NAG evaluates the gradient not at the current position, but at the position where momentum would take us. This provides better anticipation of the landscape ahead, often leading to faster convergence.

2.4 Modern Adaptive Methods

Adam (Adaptive Moment Estimation)

Combines momentum with adaptive learning rates for each parameter:

\[m_t = \beta_1 m_{t-1} + (1-\beta_1)g_t\] \[v_t = \beta_2 v_{t-1} + (1-\beta_2)g_t^2\] \[x_{t+1} = x_t - \alpha \frac{\hat{m}_t}{\sqrt{\hat{v}_t} + \epsilon}\]

Default parameters: \(\beta_1 = 0.9\), \(\beta_2 = 0.999\), \(\epsilon = 10^{-8}\)
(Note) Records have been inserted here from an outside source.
(* Let $(M,g,J_{TM})$ be a para-Hermitian manifold and let $(E,J)$ be an exact para-Hermitian algebroid over $M$ with anchor $\rho$ and eigenbundles $E_\pm$. If $E$ admits a para-complex connection $A:TM\to E$, then $$E_+=a_-^*(T^{(0,1)}M)\oplus A_+(T^+M),\qquad E_-=a_+^*(T^{(1,0)}M)\oplus A_-(T^-M).$$
   Context: A Courant algebroid $(E,\rho,\langle\cdot,\cdot\rangle,[\cdot,\cdot])$ over $M$ is a vector bundle with a non-degenerate symmetric pairing, a skew-symmetric bracket and an anchor $\rho:E\to TM$ satisfying the usual axioms; $\rho^*:T^*M\to E$ is given by $\langle\rho^*\xi,e\rangle=\xi(\rho e)$, and $E$ is exact if $0\to T^*M\xrightarrow{\rho^*}E\xrightarrow{\rho}TM\to0$ is exact. A para-Hermitian algebroid is a Courant algebroid with $J\in\Gamma(\mathrm{End}E)$, $J^2=\mathrm{Id}$, equal-rank eigenbundles $E_\pm$ (for $\pm1$), $\langle J\cdot,J\cdot\rangle=-\langle\cdot,\cdot\rangle$, and $\Gamma(E_\pm)$ both closed under the bracket. A para-Hermitian manifold $(M,g,J_{TM})$ has split-signature $g$, $J_{TM}^2=\mathrm{Id}$ with equal-rank integrable eigenbundles $T^\pm M$, and $g(J_{TM}\cdot,J_{TM}\cdot)=-g$. $T^{(1,0)}M\subset T^*M$ is the annihilator of $T^-M$ and $T^{(0,1)}M$ the annihilator of $T^+M$. Let $\pi_{E_\pm}$ be the projections for $E=E_+\oplus E_-$, $a_\pm=\rho|_{E_\pm}:E_\pm\to TM$, and $a_\pm^*:T^*M\to E$ be defined by $\langle a_\pm^*\xi,e\rangle=\xi(\rho(\pi_{E_\pm}e))$ for all $e\in E$ (so $a_\pm^*$ takes values in $E_\mp$). A connection is a bundle map $A:TM\to E$ with $\rho\circ A=\mathrm{Id}$ and isotropic image; it is para-complex if $J\circ A=A\circ J_{TM}$; $A_\pm$ denotes the restriction of $A$ to $T^\pm M$. *)

(* Fiberwise (pointwise) linear-algebra model of the
   para-Hermitian data.  Row-vector convention: a vector is a
   row 'rV_n, a linear map V -> W is a matrix 'M_(dim V, dim W) acting by
   v |-> v *m f.  Tangent fiber T_xM = 'rV_m, cotangent fiber = 'rV_m with
   duality xi(v) = xi *m v^T, fiber E_x = 'rV_k. *)
From HB Require Import structures.
From mathcomp Require Import all_boot all_order all_algebra.
Set Implicit Arguments. Unset Strict Implicit. Unset Printing Implicit Defensive.
Import Order.TTheory GRing.Theory Num.Theory.
Local Open Scope ring_scope.

Section ParaHermitianFiber.
Variable R : realFieldType.

(* pairing <e,f> = e *m G *m f^T ; metric g(v,w) = v *m g *m w^T *)

Definition para_hermitian_fiber m (g JT : 'M[R]_m) : Prop :=
  [/\ g^T = g, g \in unitmx, JT *m JT = 1%:M,
      \rank (eigenspace JT 1) = \rank (eigenspace JT (-1)) &
      JT *m g *m JT^T = - g].

(* rho^* : T^*M -> E,  <rho^* xi, e> = xi (rho e) *)
Definition rho_star m k (G : 'M[R]_k) (rho : 'M[R]_(k, m)) : 'M[R]_(m, k) :=
  rho^T *m invmx G.

(* Courant-algebroid fiber data: symmetric nondegenerate pairing, anchor,
   exactness 0 -> T^* -> E -> T -> 0 *)
Definition exact_pairing_anchor m k (G : 'M[R]_k) (rho : 'M[R]_(k, m)) : Prop :=
  [/\ G^T = G, G \in unitmx,
      row_full rho,
      row_free (rho_star G rho) &
      (rho_star G rho == kermx rho)%MS].

Definition para_hermitian_J k (G J : 'M[R]_k) : Prop :=
  [/\ J *m J = 1%:M,
      \rank (eigenspace J 1) = \rank (eigenspace J (-1)) &
      J *m G *m J^T = - G].

Definition Eplus k (J : 'M[R]_k) := eigenspace J 1.
Definition Eminus k (J : 'M[R]_k) := eigenspace J (-1).
Definition pi_Eplus k (J : 'M[R]_k) := proj_mx (Eplus J) (Eminus J).
Definition pi_Eminus k (J : 'M[R]_k) := proj_mx (Eminus J) (Eplus J).

(* a_+-^* : T^*M -> E, <a_+-^* xi, e> = xi (rho (pi_{E+-} e)) *)
Definition a_plus_star m k (G J : 'M[R]_k) (rho : 'M[R]_(k, m)) : 'M[R]_(m, k) :=
  (pi_Eplus J *m rho)^T *m invmx G.
Definition a_minus_star m k (G J : 'M[R]_k) (rho : 'M[R]_(k, m)) : 'M[R]_(m, k) :=
  (pi_Eminus J *m rho)^T *m invmx G.

(* T^+M, T^-M and the annihilators T^(1,0) = ann T^-, T^(0,1) = ann T^+ *)
Definition Tplus m (JT : 'M[R]_m) := eigenspace JT 1.
Definition Tminus m (JT : 'M[R]_m) := eigenspace JT (-1).
Definition T10 m (JT : 'M[R]_m) : 'M[R]_m := kermx (Tminus JT)^T.
Definition T01 m (JT : 'M[R]_m) : 'M[R]_m := kermx (Tplus JT)^T.

Definition connection m k (G : 'M[R]_k) (rho : 'M[R]_(k, m)) (A : 'M[R]_(m, k)) : Prop :=
  A *m rho = 1%:M /\ A *m G *m A^T = 0.

Definition para_complex m k (J : 'M[R]_k) (JT : 'M[R]_m) (A : 'M[R]_(m, k)) : Prop :=
  JT *m A = A *m J.

End ParaHermitianFiber.

From HB Require Import structures.
From mathcomp Require Import all_boot all_order all_algebra.
From mathcomp Require Import zify.
Set Implicit Arguments. Unset Strict Implicit. Unset Printing Implicit Defensive.
Import Order.TTheory GRing.Theory Num.Theory.
Local Open Scope ring_scope.

(* Fix s = +-1 and write P_t = (1 + t J)/2, the projection of E onto E_t along
   E_-t.  The dual map a^* = a_(-s)^* = G^-1 (P_-s rho)^T lands in E_s because J
   is anti-orthogonal for the pairing, and A maps T^s into E_s because it is
   para-complex.  Pairing against A(T^-s) separates the two summands: for v in
   T^-s, <a^* xi, A v> = xi(rho P_-s A v) = xi(v) since A P_-s = P_-s A and
   rho A = 1, whereas <A w, A v> = 0 by isotropy.  Hence a^* is injective on
   ann(T^s) and its image meets A(T^s) trivially, so the sum is direct of
   dimension (m - dim T^s) + dim T^s = m; exactness gives rank E = 2m, so
   dim E_s = m and the inclusion is an equality. *)

Lemma capmx_eigenspace (F : fieldType) n (M : 'M[F]_n) (a b : F) :
  a != b -> (eigenspace M a :&: eigenspace M b = 0)%MS.
Proof.
move=> neq_ab; apply/eqP; rewrite -submx0; set X := (_ :&: _)%MS.
have /andP[/eigenspaceP XMa /eigenspaceP XMb] :
    (X <= eigenspace M a)%MS && (X <= eigenspace M b)%MS by rewrite -sub_capmx.
have : (a - b) *: X = 0 by rewrite scalerBl -XMa -XMb subrr.
by move/eqP; rewrite scalemx_eq0 subr_eq0 (negbTE neq_ab) => /eqP->.
Qed.

Lemma proj_mx_unique (F : fieldType) n (U V P Q : 'M[F]_n) :
  (U :&: V = 0)%MS -> (P <= U)%MS -> (Q <= V)%MS -> P + Q = 1%:M ->
  proj_mx U V = P.
Proof.
move=> UV0 sPU sQV PQ1.
by rewrite -[proj_mx U V]mul1mx -PQ1 mulmxDl proj_mx_id // proj_mx_0 // addr0.
Qed.

Definition eigproj (F : fieldType) n (s : F) (M : 'M[F]_n) : 'M[F]_n :=
  2^-1 *: (1%:M + s *: M).

Section Involution.
Variables (F : numFieldType) (n : nat) (M : 'M[F]_n).
Hypothesis M2 : M *m M = 1%:M.

Lemma eigprojD (s : F) : eigproj s M + eigproj (-s) M = 1%:M.
Proof.
rewrite /eigproj -scalerDr scaleNr addrACA subrr addr0.
by rewrite -mulr2n -scaler_nat scalerA mulVf ?pnatr_eq0 ?scale1r.
Qed.

Lemma mul_eigproj (s : F) : s ^+ 2 = 1 -> M *m eigproj s M = s *: eigproj s M.
Proof.
move=> s2; rewrite /eigproj -scalemxAr mulmxDr mulmx1 -scalemxAr M2.
rewrite [RHS]scalerA mulrC -scalerA; congr (_ *: _).
by rewrite scalerDr scalerA -expr2 s2 scale1r addrC.
Qed.

Lemma eigproj_mul (s : F) : s ^+ 2 = 1 -> eigproj s M *m M = s *: eigproj s M.
Proof.
move=> s2; rewrite /eigproj -scalemxAl mulmxDl mul1mx -scalemxAl M2.
rewrite [RHS]scalerA mulrC -scalerA; congr (_ *: _).
by rewrite scalerDr scalerA -expr2 s2 scale1r addrC.
Qed.

Lemma eigproj_sub (s : F) : s ^+ 2 = 1 -> (eigproj s M <= eigenspace M s)%MS.
Proof. by move=> s2; apply/eigenspaceP/eigproj_mul. Qed.

Lemma eigproj_idem (s : F) : s ^+ 2 = 1 -> eigproj s M *m eigproj s M = eigproj s M.
Proof.
move=> s2; rewrite {1}/eigproj -scalemxAl mulmxDl mul1mx -scalemxAl mul_eigproj //.
rewrite scalerA -expr2 s2 scale1r -mulr2n -scaler_nat scalerA.
by rewrite mulVf ?pnatr_eq0 ?scale1r.
Qed.

Lemma sqr_eq1_neq_opp (s : F) : s ^+ 2 = 1 -> s != - s.
Proof. by move=> s2; rewrite eq_sym eqNr -sqrf_eq0 s2 oner_eq0. Qed.

Lemma proj_mx_eigenspace (s : F) : s ^+ 2 = 1 ->
  proj_mx (eigenspace M (-s)) (eigenspace M s) = eigproj (-s) M.
Proof.
move=> s2; apply: (proj_mx_unique (Q := eigproj s M)).
- by rewrite capmx_eigenspace // eq_sym sqr_eq1_neq_opp.
- by rewrite eigproj_sub ?sqrrN.
- by rewrite eigproj_sub.
- by rewrite addrC eigprojD.
Qed.

Lemma mxrank_eigenspaceD (s : F) : s ^+ 2 = 1 ->
  (\rank (eigenspace M s) + \rank (eigenspace M (-s)))%N = n.
Proof.
move=> s2; rewrite -mxrank_disjoint_sum ?capmx_eigenspace ?sqr_eq1_neq_opp //.
apply/eqP; rewrite eqn_leq rank_leq_col -{1}(mxrank1 F n) mxrankS //.
by rewrite -(eigprojD s) addmx_sub_adds ?eigproj_sub ?sqrrN.
Qed.

End Involution.

Section ConnectionSplitting.
Variables (F : numFieldType) (m k : nat) (JT : 'M[F]_m) (G J : 'M[F]_k).
Variables (rho : 'M[F]_(k, m)) (A : 'M[F]_(m, k)) (s : F).
Hypotheses (s2 : s ^+ 2 = 1) (JT2 : JT *m JT = 1%:M) (J2 : J *m J = 1%:M).
Hypotheses (G_unit : G \in unitmx) (JGJ : J *m G *m J^T = - G).
Hypotheses (A_rho : A *m rho = 1%:M) (A_iso : A *m G *m A^T = 0).
Hypothesis (A_para : JT *m A = A *m J).

Local Notation a_star := ((eigproj (-s) J *m rho)^T *m invmx G).
Local Notation ann := (kermx (eigenspace JT s)^T).
Local Notation PT := (eigproj (-s) JT).
Local Notation a_proj :=
  ((proj_mx (eigenspace J (-s)) (eigenspace J s) *m rho)^T *m invmx G).
(* [e *m pairing] lists the pairings [<e, A (PT v)>]: it tests [e] against [A(T^-s)]. *)
Local Notation pairing := (G *m (PT *m A)^T).

Lemma invmxJ_anti : invmx G *m J = - (J^T *m invmx G).
Proof.
have GJ : G *m J^T = - (J *m G).
  by have := congr1 (mulmx J) JGJ; rewrite mulmxN !mulmxA J2 mul1mx.
have JG : J *m G = - (G *m J^T) by rewrite GJ opprK.
rewrite -[X in _ *m X](mulmxK G_unit J) JG mulNmx mulmxN !mulmxA mulVmx //.
by rewrite mul1mx.
Qed.

Lemma a_star_sub_eigenspace : (a_star <= eigenspace J s)%MS.
Proof.
apply/eigenspaceP; rewrite -mulmxA invmxJ_anti mulmxN mulmxA -trmx_mul mulmxA.
by rewrite mul_eigproj ?sqrrN // -scalemxAl linearZ /= -scalemxAl scaleNr opprK.
Qed.

Lemma A_eigenspace_sub : (eigenspace JT s *m A <= eigenspace J s)%MS.
Proof.
apply/eigenspaceP; rewrite -mulmxA -A_para mulmxA.
by have /eigenspaceP -> := submx_refl (eigenspace JT s); rewrite -scalemxAl.
Qed.

Lemma A_eigproj (t : F) : A *m eigproj t J = eigproj t JT *m A.
Proof.
rewrite /eigproj -scalemxAr -scalemxAl mulmxDr mulmxDl mulmx1 mul1mx.
by rewrite -!scalemxAr -scalemxAl A_para.
Qed.

Lemma a_star_pairing : a_star *m pairing = PT^T.
Proof.
rewrite -mulmxA mulKmx // -trmx_mul -mulmxA (mulmxA A) A_eigproj.
by rewrite !mulmxA eigproj_idem ?sqrrN // -mulmxA A_rho mulmx1.
Qed.

Lemma A_pairing : A *m pairing = 0.
Proof. by rewrite trmx_mul (mulmxA G) (mulmxA A) (mulmxA A G) A_iso mul0mx. Qed.

Lemma ann_eigproj : ann *m PT^T = ann.
Proof.
have ann_compl : ann *m (eigproj s JT)^T = 0.
  have /submxP[D ->] := eigproj_sub JT2 s2.
  by rewrite (trmx_mul D) mulmxA mulmx_ker mul0mx.
by rewrite -[RHS]mulmx1 -trmx1 -(eigprojD JT s) linearD /= mulmxDr ann_compl add0r.
Qed.

Lemma mxrank_ann_a_star : \rank (ann *m a_star) = \rank ann.
Proof.
apply/eqP; rewrite eqn_leq mxrankM_maxl /=.
by rewrite -{1}ann_eigproj -a_star_pairing mulmxA mxrankM_maxl.
Qed.

Lemma capmx_ann_a_star_A : (ann *m a_star :&: eigenspace JT s *m A = 0)%MS.
Proof.
apply/eqP; rewrite -submx0; set X := (_ :&: _)%MS.
have /andP[/submxP[D1 XD1] /submxP[D2 XD2]] :
    (X <= ann *m a_star)%MS && (X <= eigenspace JT s *m A)%MS by rewrite -sub_capmx.
have D1ann : D1 *m ann = 0.
  have <- : X *m pairing = D1 *m ann.
    by rewrite XD1 -(mulmxA D1) -(mulmxA ann) a_star_pairing ann_eigproj.
  by rewrite XD2 -(mulmxA D2) -(mulmxA (eigenspace JT s)) A_pairing !mulmx0.
by rewrite XD1 mulmxA D1ann mul0mx.
Qed.

Lemma mxrank_ann_a_star_addsA : \rank (ann *m a_star + eigenspace JT s *m A)%MS = m.
Proof.
have A_free : row_free A by apply/row_freeP; exists rho.
rewrite mxrank_disjoint_sum ?capmx_ann_a_star_A // mxrank_ann_a_star mxrankMfree //.
by rewrite mxrank_ker mxrank_tr subnK ?rank_leq_row.
Qed.

Lemma eigenspace_decomposition : \rank (eigenspace J s) = m ->
  (eigenspace J s == ann *m a_proj + eigenspace JT s *m A)%MS &&
  mxdirect (ann *m a_proj + eigenspace JT s *m A).
Proof.
move=> rank_Es; rewrite proj_mx_eigenspace //.
have sub_Es : (ann *m a_star + eigenspace JT s *m A <= eigenspace J s)%MS.
  rewrite addsmx_sub A_eigenspace_sub andbT.
  exact: submx_trans (submxMl _ _) a_star_sub_eigenspace.
have /andP[_ ->] : (ann *m a_star + eigenspace JT s *m A == eigenspace J s)%MS.
  by rewrite -(mxrank_leqif_eq sub_Es).2 mxrank_ann_a_star_addsA rank_Es.
by rewrite sub_Es; apply/mxdirect_addsP/capmx_ann_a_star_A.
Qed.

End ConnectionSplitting.

Lemma exact_pairing_anchor_dim (R : realFieldType) m k
    (G : 'M[R]_k) (rho : 'M[R]_(k, m)) :
  exact_pairing_anchor G rho -> k = (m + m)%N.
Proof.
case=> _ _ rho_full rho_star_free /eqmx_rank.
rewrite (eqP rho_star_free) mxrank_ker (eqP rho_full).
by have := rank_leq_row rho; rewrite (eqP rho_full); lia.
Qed.

Theorem mainTheorem4 (R : realFieldType) (m k : nat)
    (g JT : 'M[R]_m) (G J : 'M[R]_k) (rho : 'M[R]_(k, m)) (A : 'M[R]_(m, k)) :
  para_hermitian_fiber g JT ->
  exact_pairing_anchor G rho ->
  para_hermitian_J G J ->
  connection G rho A ->
  para_complex J JT A ->
  [/\ (Eplus J == T01 JT *m a_minus_star G J rho + Tplus JT *m A)%MS,
      mxdirect (T01 JT *m a_minus_star G J rho + Tplus JT *m A),
      (Eminus J == T10 JT *m a_plus_star G J rho + Tminus JT *m A)%MS &
      mxdirect (T10 JT *m a_plus_star G J rho + Tminus JT *m A)].
Proof.
move=> [_ _ JT2 _ _] exact [J2 rank_eq JGJ] [A_rho A_iso] A_para.
have G_unit : G \in unitmx by case: exact.
have rank_sum : (\rank (eigenspace J 1) + \rank (eigenspace J (-1)))%N = k :=
  mxrank_eigenspaceD J2 (expr1n R 2).
have rank_Ep : \rank (eigenspace J 1) = m.
  by have := exact_pairing_anchor_dim exact; lia.
have rank_Em : \rank (eigenspace J (-1)) = m by rewrite -rank_eq.
have /andP[Ep Ep_direct] := eigenspace_decomposition (expr1n R 2)
  JT2 J2 G_unit JGJ A_rho A_iso A_para rank_Ep.
have sqr_m1 : (-1 : R) ^+ 2 = 1 by rewrite sqrrN expr1n.
have := eigenspace_decomposition sqr_m1 JT2 J2 G_unit JGJ A_rho A_iso A_para rank_Em.
rewrite opprK => /andP[Em Em_direct].
by rewrite /Eplus /Eminus /T01 /T10 /Tplus /Tminus /a_minus_star /a_plus_star
  /pi_Eminus /pi_Eplus.
Qed.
RMSprop (Root Mean Square Propagation)

Adapts learning rate based on recent gradient magnitudes:

\[E[g^2]_t = \beta E[g^2]_{t-1} + (1-\beta)g_t^2\] \[x_{t+1} = x_t - \frac{\alpha}{\sqrt{E[g^2]_t + \epsilon}} g_t\]

Typical value: \(\beta = 0.9\)

AdaGrad (Adaptive Gradient)

Accumulates squared gradients for parameter-specific learning rates:

\[G_t = G_{t-1} + g_t^2\] \[x_{t+1} = x_t - \frac{\alpha}{\sqrt{G_t + \epsilon}} g_t\]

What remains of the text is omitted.